記憶力障害とは

70歳からの選択 和田秀樹

50~60代で「記憶力が落ちた、もしかして認知症?」と慌てる人もいますが、たいがいは前頭葉の老化や男性ホルモンの低下が原因だと思われます。
物忘れなどの記憶障害には、想起障害と記銘力障害があります。
想起障害は、久しぶりに会った人の名前や「あれだよ、あれ・・」と物事の名称が出てこないといった、すでに脳に書き込まれているものが出てこない、という記憶障害です。
一般的に、私たちが「物忘れがひどい」として記憶障害と思っているものの多くは、想起障害なのです。
想起障害には、前頭葉の老化現象が関係しています。
長期記憶には大脳皮質の側頭葉に書き込まれていますが、これを引き出す役割を担っているのが前頭葉です。
しかし、40歳くらいから前頭葉の委縮が始まることで、働きが悪くなり、目的の記憶が見つけにくくなるのです。

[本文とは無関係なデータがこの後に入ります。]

Section Prolongation.
Variables (q : nat) (L : nat -> nat -> nat) (sigma tau : nat -> nat).
Hypothesis L_latin : idempotent_latin_square q L.
Hypothesis sigma_lt : forall i, i < q -> sigma i < q.
Hypothesis tau_lt : forall j, j < q -> tau j < q.
Hypothesis sigmaK : forall i, i < q -> tau (sigma i) = i.
Hypothesis tauK : forall j, j < q -> sigma (tau j) = j.
Hypothesis sigma_neq : forall i, i < q -> sigma i != i.
Hypothesis transversal :
  forall i i', i < q -> i' < q -> L i (sigma i) = L i' (sigma i') -> i = i'.

Let L_neq_q a b : a < q -> b < q -> (L a b == q) = false.
Proof. by case: L_latin => L_lt _ _ _ lt_aq lt_bq; rewrite ltn_eqF ?L_lt. Qed.

(* Prolongation along the transversal (i, sigma i): each of its cells gets the
   new symbol q, and its old symbol moves to the new row and column. *)
Definition prolong i j :=
  if i == q then (if j == q then q else L (tau j) j)
  else if j == q then L i (sigma i)
  else if j == sigma i then q else L i j.

Lemma prolong_row_inj i j j' : i <= q -> j <= q -> j' <= q ->
  prolong i j = prolong i j' -> j = j'.
Proof.
case: L_latin => _ _ L_row _.
rewrite /prolong [i <= q]leq_eqVlt [j <= q]leq_eqVlt [j' <= q]leq_eqVlt.
move=> /predU1P[-> | lt_iq] /predU1P[-> | lt_jq] /predU1P[-> | lt_j'q] //;
  rewrite ?eqxx ?(ltn_eqF lt_iq) ?(ltn_eqF lt_jq) ?(ltn_eqF lt_j'q).
- by move/esym/eqP; rewrite L_neq_q ?tau_lt.
- by move/eqP; rewrite L_neq_q ?tau_lt.
- move=> E; rewrite -(tauK lt_jq) -(tauK lt_j'q); congr sigma.
  by apply: transversal; rewrite ?tau_lt // !tauK.
- case: eqP => [_ | ne_j'] E; first by move/eqP: E; rewrite L_neq_q ?sigma_lt.
  by case: ne_j'; symmetry; apply: L_row E; rewrite ?sigma_lt.
- case: eqP => [_ | ne_j] E; first by move/esym/eqP: E; rewrite L_neq_q ?sigma_lt.
  by case: ne_j; apply: L_row E; rewrite ?sigma_lt.
- case: eqP => [-> | ne_j]; case: eqP => [-> | ne_j'] // E.
  + by move/esym/eqP: E; rewrite L_neq_q.
  + by move/eqP: E; rewrite L_neq_q.
  + exact: L_row E.
Qed.

Lemma prolong_col_inj i i' j : i <= q -> i' <= q -> j <= q ->
  prolong i j = prolong i' j -> i = i'.
Proof.
case: L_latin => _ _ _ L_col.
rewrite /prolong [i <= q]leq_eqVlt [i' <= q]leq_eqVlt [j <= q]leq_eqVlt.
move=> /predU1P[-> | lt_iq] /predU1P[-> | lt_i'q] /predU1P[-> | lt_jq] //;
  rewrite ?eqxx ?(ltn_eqF lt_iq) ?(ltn_eqF lt_i'q) ?(ltn_eqF lt_jq).
- by move/esym/eqP; rewrite L_neq_q ?sigma_lt.
- case: eqP => [_ | ne_j] E; first by move/eqP: E; rewrite L_neq_q ?tau_lt.
  by case: ne_j; rewrite -(L_col _ _ _ (tau_lt lt_jq) lt_i'q lt_jq E) tauK.
- by move/eqP; rewrite L_neq_q ?sigma_lt.
- case: eqP => [_ | ne_j] E; first by move/esym/eqP: E; rewrite L_neq_q ?tau_lt.
  by case: ne_j; rewrite (L_col _ _ _ lt_iq (tau_lt lt_jq) lt_jq E) tauK.
- exact: transversal.
- case: eqP => [-> | ne_j]; case: eqP => [E | ne_j'] // F.
  + by rewrite -(sigmaK lt_iq) -(sigmaK lt_i'q) E.
  + by move/esym/eqP: F; rewrite L_neq_q ?sigma_lt.
  + by move/eqP: F; rewrite L_neq_q ?sigma_lt.
  + exact: L_col F.
Qed.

一方、記憶力障害というのは、新しく覚えたことが脳に書き込まれないというもので、例えば昨日の朝食に何を食べたか思い出せないなど、最近起こったことを覚えられないという記憶障害です。
加えて、男性の場合、40歳を過ぎると男性ホルモンが減少します。
男性ホルモンは意欲や興味を高める働きがあり、さらには記憶をつかさどる神経伝達物質のアセチルコリンの働きも男性ホルモンが助けています。
高齢化により男性ホルモンが減少することが、記銘力障害の大きな原因になっているのです。

ちなみに、認知症の場合、初期には新しい記憶をインプットできない「入力障害」という状態であり、10分前に食べたものが覚えられなくなったりします。
末期になると人の顔も認知できなくなったりします。
以前出会った人の名前が思い出せないとき、想起障害の人は、誰かに教えてもらったり名簿を調べたりすれば「ああ、○○さんだ」と思い出すことができるのに対して、認知症が重くなると、その名前自体に見覚えがないのです。